Imalent DX80 32000 lumen monster

That’s the impression I got as well. I have some 24v ones as well 18.5V ones. I’m not sure i’m going to try those yet.

The battery pack inside the light is supposedly 8 Samsung 30Q’s arranged is a 4S2P configuration.
Each 30Q is a 3000mAh cell and at 2P that would be a 6Ah pack.
So the pack is charged at 2A for 3 Hours, 10 minutes, it would fill that 6Ah pack. the extra 10 minutes accounts for losses.

Japan is US plug and 100V :slight_smile: Therefore, there are things that many of American home electronics operate as they are.

It seems that 3A or more flows in the heat generation of The charger (19 V 3.42 A).
I want to connect the power supply on hand and see the actual amount of current,my own power supply can only limit either voltage or current.
That’s scary :smiley:

I already tested my light, it charges at 1.91A

Is it a test with sufficient capacity(A) power supply?

It seems like only the 110v guys are burning up chargers. The 220v guys seem fine.

I think china is 220v so maybe imalent didn’t actually test their chargers running on 110v?

Are you accounting for when the charger shifts from constant amperage to constant voltage as it reaches terminal voltage? That last 10% or so goes much slower.

Here is the setup I used to measure the charging current. That is a compatible plug connected to the output of the supply.

I set the output of the supply at 19.00V with a current limit of 2.00A. Those settings can be seen in the top row of the display.

With the pack at a resting voltage of 15.3V, and dividing that by 4 cells gives 3.82V/cell, I plugged in the charging cable.

Being a regulated supply, the output voltage did not drop as the flashlight drew 1.81A.
I had set the current limit to 2.00A as a precaution. If the light had asked for more than 2.00A, I could have increased the current limit in a controlled way.
When I first got the light, the pack was shipped at 14.6V or 3.65V/cell. At that voltage it charged at 1.91A

HOWEVER,
These tests DO NOT tell us what the charging current is through each cell. I did a further test and varied the input voltage to the light from 19.00V up to a high of 20.50V. Imalent states in their manual that the supply can be from 19-24V.
Notice as the voltage increases, the current into the light decreases. Then as I bring it back down, it increases again.
I even brought it down to 18.5V, perhaps duplicating what happens when a lesser power supply is under load. The current draw rises a little more to make up for the voltage drop.
Notice that during the test, the input watts doesn’t change much.

Nice testing, good to know that it’s better to use higher voltage charger like 20V, since with original voltage drop could be under 18V and then current must be exceeding charger possibilities which results overheating and blowup finally….

Yeah, I think that is what is happening to the original charger.
Voltage drops, current goes up to make up the difference ———>POP!

BTW, that same phenomenon could explain why the driver popped on maiden666 light when he unscrewed the head while on.
As the battery lost contact and the resistance increased, the constant current driver saw a voltage drop and tried to increase the current draw to make up the difference. In any case, Even though Imalent upgraded the driver, I think it is still a very bad idea to unscrew the battery tube while the light is on

Ya, that is clear that the supplied charger barely suitable for DX80.

How is that measuring the output of the Imalent charger?

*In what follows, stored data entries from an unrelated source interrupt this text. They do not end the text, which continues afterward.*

Lemma picard_lim_derive t i : 0 < t ->
  is_derive (fun s => picard_lim s i) t (V i (picard_lim t)).
Proof.
  intros ht.
  apply (is_derive_ext_loc (fun s => z0 i + RInt (fun s => V i (picard_lim s)) 0 s)).
  { exists (mkposreal t ht). intros s Hs. change (Rabs (s - t) < t) in Hs.
    apply Rabs_def2 in Hs. symmetry. apply picard_lim_integral. lra. }
  replace (V i (picard_lim t)) with (plus zero (V i (picard_lim t))) by apply plus_zero_l.
  apply (is_derive_plus (K := R_AbsRing) (V := R_NormedModule));
    [apply (is_derive_const (K := R_AbsRing) (V := R_NormedModule)) |].
  apply (is_derive_RInt (V := R_CompleteNormedModule) (fun s => V i (picard_lim s)) _ 0).
  - apply filter_forall. intros z. apply RInt_correct, ex_RInt_of_continuous.
    intros; apply continuous_V_comp, picard_lim_time_lipschitz.
  - apply continuous_V_comp, picard_lim_time_lipschitz.
Qed.
End Picard.

Theorem planar_ode_global_solution (V : bool -> (bool -> R) -> R) (L B : R) (z0 : bool -> R) :
  0 < L ->
  (forall i x y, Rabs (V i x - V i y) <= L * dist1 x y) ->
  (forall i x, Rabs (V i x) <= B) ->
  exists Z : R -> bool -> R,
    (forall i, Z 0 i = z0 i) /\
    (forall i s s', Rabs (Z s i - Z s' i) <= B * Rabs (s - s')) /\
    (forall i t, 0 < t -> is_derive (fun s => Z s i) t (V i (Z t))).
Proof.
  intros hL Hlip Hbnd. exists (picard_lim V z0). split; [| split].
  - intros i. rewrite (picard_lim_integral V L B z0 hL Hlip Hbnd 0 i (Rle_refl 0)), RInt_point.
    unfold zero; simpl. ring.
  - apply (picard_lim_time_lipschitz V L B z0 hL Hlip Hbnd).
  - intros i t ht. now apply (picard_lim_derive V L B z0 hL Hlip Hbnd).
Qed.

(** * The vector field near the side r = 1 *)

Lemma Fx_r1_centered a b c d mu u x :
  Fx a b c d mu u x 1 =
  (1 / 4 - (x - 1 / 2) ^ 2) * ((u - (c + d) / 2) - (c - d) * (x - 1 / 2))
  - 2 * mu * (x - 1 / 2).
Proof. unfold Fx. field. Qed.

Definition Fx_slope_r (a b c d x : R) : R := x * (1 - x) * (x * (- c + d - a + b) - (d + b)).

Lemma Fx_affine_r a b c d mu u x r :
  Fx a b c d mu u x r = Fx a b c d mu u x 1 + (r - 1) * Fx_slope_r a b c d x.
Proof. unfold Fx, Fx_slope_r. ring. Qed.

Lemma Fx_slope_r_bound a b c d x : 0 <= x <= 1 ->
  Rabs (Fx_slope_r a b c d x) <= Rabs (- c + d - a + b) + Rabs (d + b).
Proof.
  intros hx. unfold Fx_slope_r. rewrite Rabs_mult.
  assert (H1 : Rabs (x * (1 - x)) <= 1) by (rewrite Rabs_right; [| apply Rle_ge]; nra).
  assert (H2 : Rabs (x * (- c + d - a + b) - (d + b)) <= Rabs (- c + d - a + b) + Rabs (d + b)).
  { pose proof (Rabs_pos (- c + d - a + b)).
    replace (x * (- c + d - a + b) - (d + b)) with (x * (- c + d - a + b) + - (d + b)) by ring.
    eapply Rle_trans; [apply Rabs_triang |].
    rewrite Rabs_Ropp, Rabs_mult, (Rabs_right x) by lra. nra. }
  pose proof (Rabs_pos (x * (1 - x))). pose proof (Rabs_pos (x * (- c + d - a + b) - (d + b))).
  nra.
Qed.
(* Let $\lambda\in(0,1)$ and let $G$ be a finite simple connected graph with $n\ge 2$ vertices. Then $$Mt^{e}_{\lambda}(G)\;\le\;\max_{1\le D\le n-1}\left[\frac{\lambda\left[1-(D+1)\lambda^{D}+D\lambda^{D+1}\right]}{(\lambda-1)^2}+(n-D-1)D\lambda^{D}\right].$$ Moreover, equality holds for a broom on $n$ vertices, the maximum of $t^e_\lambda$ over its vertices being attained at its starting vertex.
   Context: $d(u,v)$ denotes graph distance. For a vertex $u$ of $G=(V,E)$, $t^{e}_{\lambda}(u)=\sum_{v\in V\setminus\{u\}} d(u,v)\lambda^{d(u,v)}$, and $Mt^{e}_{\lambda}(G)=\max\{t^{e}_{\lambda}(u):u\in V\}$. A broom on $n$ vertices (with parameter $D$, $1\le D\le n-1$) is the graph consisting of a path $u=v_0v_1\cdots v_D$ together with $n-D-1$ further vertices, each adjacent only to $v_{D-1}$; the vertex $u=v_0$ is called its starting vertex. *)

From HB Require Import structures.
From mathcomp Require Import all_boot all_order all_algebra.
Set Implicit Arguments. Unset Strict Implicit. Unset Printing Implicit Defensive.
Import Order.TTheory GRing.Theory Num.Theory.

(* A graph is an edge relation e : rel T on a finite vertex type T
   (simple = symmetric and irreflexive). *)

(* For a
   connected graph this is the usual shortest-path distance (a shortest
   walk has fewer than #|T| edges). *)
Definition gdist (T : finType) (e : rel T) (u v : T) : nat :=
  find (fun k => [exists p : k.-tuple T, path e u p && (last u p == v)])
       (iota 0 #|T|).

Local Open Scope ring_scope.

Definition te (R : realFieldType) (lam : R) (T : finType) (e : rel T) (u : T) : R :=
  \sum_(v : T | v != u) (gdist e u v)%:R * lam ^+ gdist e u v.

(* Mt^e_lambda(G) = max over vertices (all values are >= 0, and T is
   nonempty in the theorem, so the default 0 is harmless). *)
Definition Mte (R : realFieldType) (lam : R) (T : finType) (e : rel T) : R :=
  \big[Num.max/0]_(u : T) te lam e u.

Definition broom_val (R : realFieldType) (lam : R) (n D : nat) : R :=
  lam * (1 - (D.+1)%:R * lam ^+ D + D%:R * lam ^+ D.+1) / (lam - 1) ^+ 2
  + ((n - D - 1) * D)%:R * lam ^+ D.

(* max_{1 <= D <= n-1} broom_val (all values > 0 for 0 < lam < 1). *)
Definition broom_bound (R : realFieldType) (lam : R) (n : nat) : R :=
  \big[Num.max/0]_(1 <= D < n) broom_val lam n D.

(* The broom on vertex set {0,...,n-1} with parameter D (1 <= D <= n-1):
   path 0 - 1 - ... - D, and vertices D+1, ..., n-1 adjacent only to D-1.
   Starting vertex is 0. *)
Definition broom_rel (n D : nat) : rel 'I_n :=
  fun i j =>
    let a := nat_of_ord i in let b := nat_of_ord j in
    [|| (a.+1 == b) && (b <= D)%N,
        (b.+1 == a) && (a <= D)%N,
        (D < a)%N && (b == D.-1)
      | (D < b)%N && (a == D.-1)].
Arguments broom_rel : clear implicits.

From mathcomp Require Import all_boot all_order all_algebra.
From mathcomp Require Import zify ring.
Import Order.TTheory GRing.Theory Num.Theory.

(* With f k = k * lam^k, t^e_lam(u) is the sum of f over the n - 1 distances
   d(u,v), v <> u.  If u has eccentricity E, these distances lie in [1..E]
   and every value of [1..E] occurs (a shortest walk passes through every
   level).  Let D maximize f on [1..E]: keeping one vertex at each distance
   1, ..., D and bounding the remaining n - 1 - D terms by f D gives
   t^e_lam(u) <= f 1 + ... + f D + (n - 1 - D) f D, and the first part is the
   closed form in the bracket.  From the starting vertex of the broom with
   parameter D there is exactly one vertex at each distance 1, ..., D - 1 and
   n - D vertices at distance D, so the bound is attained. *)

Set Implicit Arguments.
Unset Strict Implicit.
Unset Printing Implicit Defensive.

Section Walks.
Variables (T : finType) (e : rel T).

Definition walk (u : T) (k : nat) (v : T) : Prop :=
  exists p : seq T, [/\ size p = k, path e u p & last u p = v].

Lemma walk_refl u : walk u 0 u.
Proof. by exists [::]. Qed.

Lemma walk0_eq u v : walk u 0 v -> v = u.
Proof. by case=> -[|x p] [//= _ _ <-]. Qed.

Lemma walk_rcons u k v w : walk u k v -> e v w -> walk u k.+1 w.
Proof.
case=> p [<- up <-] evw; exists (rcons p w).
by rewrite size_rcons rcons_path last_rcons up evw.
Qed.

Lemma walk_cat u k v l w : walk u k v -> walk v l w -> walk u (k + l) w.
Proof.
case=> p [<- up <-] [q [<- vq <-]]; exists (p ++ q).
by rewrite size_cat cat_path last_cat up vq.
Qed.

Lemma walk_split u k l w : walk u (k + l) w -> exists2 v, walk u k v & walk v l w.
Proof.
case=> p [sp + <-]; rewrite -{1}(cat_take_drop k p) cat_path => /andP[up1 up2].
exists (last u (take k p)).
  by exists (take k p); split=> //; apply: size_takel; rewrite sp leq_addr.
exists (drop k p); split=> //; first by rewrite size_drop sp addKn.
by rewrite -last_cat cat_take_drop.
Qed.

Lemma walk_tupleP u k v :
  reflect (walk u k v) [exists p : k.-tuple T, path e u p && (last u p == v)].
Proof.
apply: (iffP existsP) => [[p /andP[up /eqP pv]] | [p [sp up pv]]].
  by exists p; rewrite size_tuple.
have /eqP sp' := sp; exists (Tuple sp'); by rewrite /= up pv eqxx.
Qed.

Lemma connect_walk u v : connect e u v -> exists2 k, (k < #|T|)%N & walk u k v.
Proof.
case/connectP=> p up ->; have [q uq q_uniq _] := shortenP up.
exists (size q); last by exists q.
by rewrite -[(size q).+1]/(size (u :: q)) -(card_uniqP q_uniq) max_card.
Qed.

Section Distance.
Variables (u : T).
Hypothesis connected_u : forall v, connect e u v.
Local Notation d := (gdist e u).

Lemma has_walk_length v :
  has (fun k => [exists p : k.-tuple T, path e u p && (last u p == v)]) (iota 0 #|T|).
Proof.
have [k lt_k_T walk_k] := connect_walk (connected_u v).
by apply/hasP; exists k; [rewrite mem_iota | apply/walk_tupleP].
Qed.

Lemma gdist_lt_card v : (d v < #|T|)%N.
Proof. by rewrite -[X in (_ < X)%N](size_iota 0) -has_find has_walk_length. Qed.

Lemma gdist_walk v : walk u (d v) v.
Proof.
apply/walk_tupleP.
by have := nth_find 0%N (has_walk_length v); rewrite nth_iota ?gdist_lt_card.
Qed.

Lemma gdist_le v k : walk u k v -> (d v <= k)%N.
Proof.
move=> walk_k; case: (ltnP k #|T|) => [lt_k | le_T_k]; last first.
  exact: ltnW (leq_trans (gdist_lt_card v) le_T_k).
rewrite leqNgt; apply/negP => /(before_find 0%N).
by rewrite nth_iota // add0n /= => /negbT/walk_tupleP.
Qed.

Lemma gdist_refl : d u = 0%N.
Proof. by apply/eqP; rewrite -leqn0 gdist_le //; apply: walk_refl. Qed.

Lemma gdist_eq0 v : (d v == 0%N) = (v == u).
Proof.
apply/eqP/eqP => [d0 | ->]; last exact: gdist_refl.
by have := gdist_walk v; rewrite d0 => /walk0_eq.
Qed.

Lemma gdist_level v j : (j <= d v)%N -> exists w, d w = j.
Proof.
move=> le_j; have := gdist_walk v.
rewrite -(subnKC le_j) => /walk_split[w walk_w walk_wv].
exists w; apply/eqP; rewrite eqn_leq gdist_le //=.
have := gdist_le (walk_cat (gdist_walk w) walk_wv); lia.
Qed.

End Distance.
End Walks.

Local Open Scope ring_scope.

Section SeqExtrema.
Variables (R : realDomainType) (I : eqType) (F : I -> R).

Lemma exists_argmax_seq (r : seq I) :
  r != [::] -> exists2 i, i \in r & {in r, forall j, F j <= F i}.
Proof.
elim: r => // i [|j r] IH _.
  by exists i; rewrite ?mem_head // => j; rewrite inE => /eqP ->.
have [k kr k_max] := IH isT.
have [le_ki | lt_ik] := lerP (F k) (F i).
  exists i; first exact: mem_head.
  by move=> m; rewrite inE => /predU1P[-> // | /k_max /le_trans]; apply.
exists k; first by rewrite inE kr orbT.
by move=> m; rewrite inE => /predU1P[-> | /k_max //]; apply: ltW.
Qed.

Lemma sum_le_size_mul (s : seq I) (M : R) :
  {in s, forall i, F i <= M} -> \sum_(i <- s) F i <= (size s)%:R * M.
Proof.
elim: s => [|i s IH] le_M; first by rewrite big_nil mul0r.
rewrite big_cons /= -add1n natrD mulrDl mul1r lerD ?le_M ?mem_head //.
by apply: IH => j sj; apply: le_M; rewrite inE sj orbT.
Qed.

Lemma ler_sum_uniq_subset (r s : seq I) (M : R) :
  uniq r -> {subset r <= s} -> {in s, forall i, F i <= M} ->
  \sum_(i <- s) F i <= \sum_(i <- r) F i + (size s - size r)%:R * M.
Proof.
elim: r s => [|i r IH] s /=; first by rewrite big_nil add0r subn0 => _ _ /sum_le_size_mul.
move=> /andP[ir r_uniq] sub_rs le_M.
have si : i \in s by apply: sub_rs; apply: mem_head.
rewrite (perm_big _ (perm_to_rem si)) !big_cons -addrA lerD2l.
have -> : (size s - (size r).+1 = size (rem i s) - size r)%N by rewrite size_rem //; lia.
apply: IH => // [j rj | j /mem_rem /le_M //].
have: j \in i :: rem i s by rewrite -(perm_mem (perm_to_rem si)) sub_rs // inE rj orbT.
by rewrite inE => /predU1P[eq_ji | //]; move: ir; rewrite -eq_ji rj.
Qed.

End SeqExtrema.

Definition weight (R : fieldType) (lam : R) (k : nat) : R := k%:R * lam ^+ k.

Lemma sum_weightE (R : fieldType) (lam : R) (D : nat) : lam != 1 ->
  \sum_(1 <= k < D.+1) weight lam k =
  lam * (1 - D.+1%:R * lam ^+ D + D%:R * lam ^+ D.+1) / (lam - 1) ^+ 2.
Proof.
move=> lam_neq1; have sq_neq0 : (lam - 1) ^+ 2 != 0 by rewrite expf_neq0 // subr_eq0.
apply: (mulIf sq_neq0); rewrite divfK //.
elim: D => [|D IH]; first by rewrite big_geq //; ring.
by rewrite big_nat_recr //= mulrDl IH /weight !exprS !mulrSr; ring.
Qed.

Lemma broom_valE (R : realFieldType) (lam : R) (n D : nat) : lam != 1 ->
  broom_val lam n D = \sum_(1 <= k < D.+1) weight lam k + (n - D - 1)%:R * weight lam D.
Proof. by move=> lam_neq1; rewrite sum_weightE // /broom_val /weight natrM mulrA. Qed.
Definition is_irred_reduced_root_system : Prop :=
  (  [/\ uniq roots, (0 : 'rV[int]_r) \notin roots & roots != [::]] /\
      {in roots, forall a, pairing a (coroot a) = 2} /\
      {in roots &, forall a b, refl a b \in roots} /\
      {in roots &, forall a b,
          coroot (refl a b) = coroot b - pairing a (coroot b) *: coroot a} /\
      {in roots &, injective coroot} /\
      {in roots &, forall a b, forall m k : int, m != 0 -> m *: b = k *: a ->
          b = a \/ b = - a} /\
      (* irreducible: no partition into two mutually orthogonal parts *)
      forall P : pred 'rV[int]_r,
        {in roots &, forall a b, P a -> ~~ P b -> pairing b (coroot a) = 0} ->
        all P roots \/ all (predC P) roots).

Variable simple : seq 'rV[int]_r.

Definition int_comb (x : 'rV[int]_r) (c : 'I_(size simple) -> int) :=
  x = \sum_(i < size simple) c i *: simple`_i.

Definition nonneg_comb (x : 'rV[int]_r) :=
  exists c, int_comb x c /\ forall i, 0 <= c i.

Definition is_base : Prop :=
  [/\ all (mem roots) simple, uniq simple,
      forall c, int_comb 0 c -> forall i, c i = 0 &
      {in roots, forall a, exists c, int_comb a c /\
          ((forall i, 0 <= c i) \/ (forall i, c i <= 0))}].

Definition positive_root (a : 'rV[int]_r) := a \in roots /\ nonneg_comb a.

Definition is_highest_root (g : 'rV[int]_r) : Prop :=
  positive_root g /\ {in roots, forall a, nonneg_comb (g - a)}.

Variable gamma : 'rV[int]_r.

(* Elements s_{alpha,n} are encoded by pairs (alpha, n). *)
Definition in_Shat (p : 'rV[int]_r * int) : bool :=
  ((p.2 == 0) && (p.1 \in simple)) || (p == (gamma, 1)).

(* simple affine root of an element of Shat: alpha for s_{alpha,0},
   -gamma + delta for s_{gamma,1} *)
Definition simple_aff_root (p : 'rV[int]_r * int) : Xhat r :=
  if p == (gamma, 1) then (- gamma, -1) else (p.1, 0).
Theorem lemma7p2 (R : realType) (G : metric_graph R) (f : edge G -> R -> R) :
  standard G -> nontrivial G -> real_eigenfunction f -> nonconstant f ->
  (morse f <-> ~ (exists e : edge G, vanishes_on_edge f e)).
Proof.
move=> [conn _] _ [lam eig] nonconst; split.
- by move=> morse_f [e /vanishes_on_edge_not_morse].
- move=> no_zero_edge e x xe [df0 ddf0].
  have [lam0|lam_neq0] := eqVneq lam 0.
    by rewrite lam0 in eig; exact: eigen0_not_nonconstant conn eig nonconst.
  apply: no_zero_edge; exists e.
  exact: degenerate_critical_vanishes_on_edge eig lam_neq0 xe df0 ddf0.
Qed.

I thought about the same thing.
However, I think that it is low quality if it changes with the input voltage though it is a switching power supply.
Considering the manual specification and unnatural packing, At first was not planning to put in an AC adapter,but feel the possibility that wanted to enter later.
If this is the case, it is a haphazard imalent :confounded:

Thank you :slight_smile: It was very helpful.
DX80 charging circuit, design may be good.
The attached AC adapter was about 40℃.But it broke down :confounded:

Fine charging so far in the Uk, apart from a plastic cap blunder

Now I can stop laughing at myself and laugh at you. :innocent:

Well, it doesn’t.

What it does, is allow me to infer what the supplied charger charges at.
When I first got mine, while the supplied charger was still working, I measured the open circuit voltage. It was 19.5V
From my test we now know what the light will draw at all input voltages between 18.5-20.5V. Never does it exceed 2.0A, the supposed rating of the wall wart.
Therefore I can also infer that the problem with the chargers blowing, is not the light drawing more than the rated capacity of the charger, but rather the supplied charger is a piece of JUNK.
After all the other things that went wrong, they chose an off the shelf charger, probably giving no thought to it’s quality or suitability.

Feel free to remove this comment but does anyone else find it hard to time the double press for Turbo?

If it is easy to change modes with a single click with no problems, then I would say the switch makes good contact with each press.
Maybe a double click requires timing. I know a double click brings you straight to Turbo. Did you know a triple click brings up the volt meter?
How does the triple click work for you?

Is anyone else experiencing this. It dissipates after a few minutes with the light off.

Shows up after running the light on high for a min or so.

Great info. So it could theoretically work with a 18.5V adapter I have.